That image is burned in my brainpan: Chuck and my dad sitting in the backyard, looking out over the San Fernando Valley below. I thought at the time how strange that tableau was. It was uncomfortable for me to see my dad and my stepdad talking to each other (they had both made love to my mother, for one thing), but on the other hand how nice it was that they could have that quiet, intimate moment together without any animosity. I think they appreciated each other. They were two very different men, much like the kind of guests my dad liked to book on his radio show—one frenetic and funny, the other quiet and thoughtful—but there they were making the best of it for the family.

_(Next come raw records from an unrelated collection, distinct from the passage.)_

Lemma join_side_walks g g' p q p' q' D D' :
  p <> p' -> wlen p = wlen p' -> (wlen q + 1 = wlen p)%nat -> (wlen q' + 1 = wlen p')%nat ->
  dist (vertex G one) t + D <= INR n - r + delta ->
  dist (vertex G one) t + D' <= INR n - r + delta ->
  near_end_walk g D \/ same_edge_walks g p q D ->
  near_end_walk g' D' \/ same_edge_walks g' p' q' D' ->
  exists k, ball_walk n g g' k /\ INR k <= 2 * r + D + D'.
Proof.
  intros Npp Lpp Lq Lq' Ht Ht' [A|[Ea B]] [A'|[Ea' B']].
  - apply join_near_end_walks; auto.
  - destruct A as [e [c [k [Hec [Wk [Lk _]]]]]]. destruct (B' e c Hec) as [k' [Wk' Lk']].
    exists (k + k')%nat. split; [apply ball_walk_trans with e; auto; apply ball_walk_sym; auto|].
    rewrite plus_INR. lra.
  - destruct A' as [e [c [k' [Hec [Wk' [Lk' _]]]]]]. destruct (B e c Hec) as [k [Wk Lk]].
    exists (k + k')%nat. split; [apply ball_walk_trans with e; auto; apply ball_walk_sym; auto|].
    rewrite plus_INR. lra.
  - exfalso. destruct Ea as [[E1 E2]|[E1 E2]]; destruct Ea' as [[E1' E2']|[E1' E2']];
      rewrite E1 in E1'; rewrite E2 in E2'; subst; first [congruence|lia].
Qed.
End Descent.

Lemma ball_walk_through_one n g g' : wlen g = n -> wlen g' = n -> ball_walk n g g' (n + n).
Proof.
  intros Hg Hg'.
  destruct (geodesic_descent g n n Hg (le_n n)) as [p [Hp Wp]].
  destruct (geodesic_descent g' n n Hg' (le_n n)) as [p' [Hp' Wp']].
  assert (E : p = p') by (transitivity (gone G); [symmetry|]; apply vdist_eq0; lia).
  subst p'. apply ball_walk_trans with p; [|apply ball_walk_sym]; assumption.
Qed.

Lemma almost_convex_far n j th delta g g' : has_L gens delta -> 0 <= th <= 1/2 ->
  2 * (INR j + th) <= delta < 2 * (INR j + th) + 1 ->
  wlen g = n -> wlen g' = n -> (d g g' <= 2)%nat -> (j + 1 < n)%nat ->
  exists k, ball_walk n g g' k /\ INR k <= 3 * delta + 2.
Proof.
  intros HL Hth [Hdelta1 Hdelta2] Hg Hg' Hgg' Hjn.
  assert (Hj := pos_INR j).
  destruct (geodesic_descent g n j Hg ltac:(lia)) as [p [Lp Wp]].
  destruct (geodesic_descent g' n j Hg' ltac:(lia)) as [p' [Lp' Wp']].
  destruct (exists_parent p ltac:(lia)) as [q [Apq Lq]].
  destruct (exists_parent p' ltac:(lia)) as [q' [Apq' Lq']].
  destruct (classic (p = p')) as [<-|Npp].
  { exists (j + j)%nat. split; [apply ball_walk_trans with p; auto; apply ball_walk_sym; auto|].
    rewrite plus_INR. lra. }
  set (u := Pt G p q th). set (u' := Pt G p' q' th).
  assert (Vu : valid gens u) by (apply valid_edge_point; auto; lra).
  assert (Vu' : valid gens u') by (apply valid_edge_point; auto; lra).
  destruct (has_L_center delta u u' (vertex G one) HL Vu Vu' (valid_vertex one))
    as [[x y tau] [Vt [P1 [P2 P3]]]].
  { apply pdist_edge_points_neq0; auto; lia. }
  { rewrite pdist_sym. apply pdist_one_edge_point_neq0; auto; lia || lra. }
  { apply pdist_one_edge_point_neq0; auto; lia || lra. }
  assert (Hu : dist (vertex G one) u <= INR n - (INR j + th))
    by (apply pdist_one_edge_point_le; [lia|lra]).
  assert (Hu' : dist (vertex G one) u' <= INR n - (INR j + th))
    by (apply pdist_one_edge_point_le; [lia|lra]).
  assert (Huu' : dist u u' <= 2 * (INR j + th) + 2).
  { eapply Rle_trans; [apply pdist_edge_points_le; lra|].
    assert (Hpp := vdist_reach_ends_le _ _ _ _ _ _
      (ball_walk_reach _ _ _ _ Wp) (ball_walk_reach _ _ _ _ Wp')).
    apply le_INR in Hpp, Hgg'. rewrite !plus_INR in Hpp. simpl in Hgg'. lra. }
  set (t := Pt G x y tau) in *.
  rewrite (pdist_sym u' (vertex G one)) in P2.
  assert (H3 : dist (vertex G one) t + dist u t <= INR n - (INR j + th) + delta) by lra.
  assert (H3' : dist (vertex G one) t + dist u' t <= INR n - (INR j + th) + delta) by lra.
  assert (S1 := side_walks n j th delta x y tau Hth Hdelta2 Vt g p q Wp Lp ltac:(lia) Apq H3).
  assert (S2 := side_walks n j th delta x y tau Hth Hdelta2 Vt g' p' q' Wp' Lp' ltac:(lia) Apq'
    H3').
  destruct (join_side_walks n j th delta x y tau Hth Hdelta2 Vt g g' p q p' q' _ _ Npp
    ltac:(lia) Lq Lq' H3 H3' S1 S2) as [k [Wk Lk]].
  exists k. split; [exact Wk|lra].
Qed.
End Cayley.

Lemma exists_half_integer_part delta : 0 <= delta -> exists (j : nat) (th : R),
  0 <= th <= 1/2 /\ 2 * (INR j + th) <= delta < 2 * (INR j + th) + 1.
Proof.
  intro Hd. destruct (Zfloor_bound delta) as [F1 F2].
  assert (Hz : (0 <= Zfloor delta)%Z) by (apply Zfloor_lub; simpl; lra).
  set (m := Z.to_nat (Zfloor delta)).
  assert (Hm : INR m = IZR (Zfloor delta)) by (unfold m; rewrite INR_IZR_INZ, Z2Nat.id; auto).
  exists (m / 2)%nat, (INR (m mod 2) / 2).
  assert (Hmod : (m mod 2 < 2)%nat) by (apply Nat.mod_upper_bound; lia).
  assert (E : INR m = 2 * (INR (m / 2) + INR (m mod 2) / 2)).
  { rewrite (Nat.div_mod_eq m 2) at 1. rewrite plus_INR, mult_INR. simpl. lra. }
  split; [|lra].
  destruct (m mod 2) as [|[|k]]; simpl; lra || lia.
Qed.

Theorem theorem2p1 (G : Group) (gens : list G) (delta : R) :
  generates gens -> 0 <= delta -> has_L gens delta ->
  forall (n : nat) (g g' : G),
    pdist gens (vertex G (gone G)) (vertex G g) = INR n ->
    pdist gens (vertex G (gone G)) (vertex G g') = INR n ->
    pdist gens (vertex G g) (vertex G g') <= 2 ->
    exists l : list G,
      edge_path gens (g :: l) /\
      last (g :: l) g = g' /\
      INR (length l) <= 3 * delta + 2 /\
      edges_in_ball gens n (g :: l).
Proof.
  intros Hgen Hdelta HL n g g' Hg Hg' Hgg'.
  rewrite (pdist_vertices G gens Hgen) in Hg, Hg', Hgg'.
  apply INR_eq in Hg, Hg'.
  assert (Hgg2 : (vdist G gens g g' <= 2)%nat) by (apply INR_le; simpl; lra).
  assert (Walk : exists k, ball_walk G gens n g g' k /\ INR k <= 3 * delta + 2).
  { destruct (exists_half_integer_part delta Hdelta) as [j [th [Hth Hj]]].
    destruct (le_lt_dec n (S j)) as [Hn|Hn].
    - exists (n + n)%nat. split; [apply ball_walk_through_one; auto|].
      apply le_INR in Hn. rewrite plus_INR. rewrite S_INR in Hn. lra.
    - apply (almost_convex_far G gens Hgen n j th); auto; lia. }
  destruct Walk as [k [Wk Lk]].
  destruct (ball_walk_edge_path G gens Hgen n g g' k Wk) as [l [E1 [E2 [E3 E4]]]].
  exists l. rewrite E3. auto.
Qed.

Although they were the same age, Chuck had the serene confidence and demeanor of a teacher, whereas my dad seemed always to be on a quest, like a young student. They had both been married twenty years to their first spouses. My dad was the father of four children and stepfather of one, and Chuck the stepfather of three. Chuck was the anticelebrity with no ego. He lived his life according to a strong moral code. He took his time thinking things through before reaching a decision, and his judgments were correct almost all of the time. My dad lacked patience and jumped in feet first, though I never saw him dive headfirst. He always anticipated the best and shrugged off the worst.

I tried to reconcile myself to the fact that my dad was dead, and I wondered about the changes coming into all the lives connected to him. My dad wouldn’t see his children get married. He wouldn’t see any of our achievements. He wouldn’t see us get older, mature. We would miss seeing him get older. He was now going to be locked in forever at forty-nine,
two weeks shy of fifty. He wouldn’t see the changes he had talked about with Chuck actually happen. I wanted him to see the color orange. I wanted him to see new things because he could not have continued down the path he had been on much longer. What we’ve come to know as sex addiction wasn’t talked about at that time. We didn’t even talk about alcoholism in public. There was no Betty Ford Clinic, no
Celebrity Rehab
on television, no Doctors Phil or Drew. Those were all big-sky thoughts, lying there in the warm night staring at the stars through misty eyes.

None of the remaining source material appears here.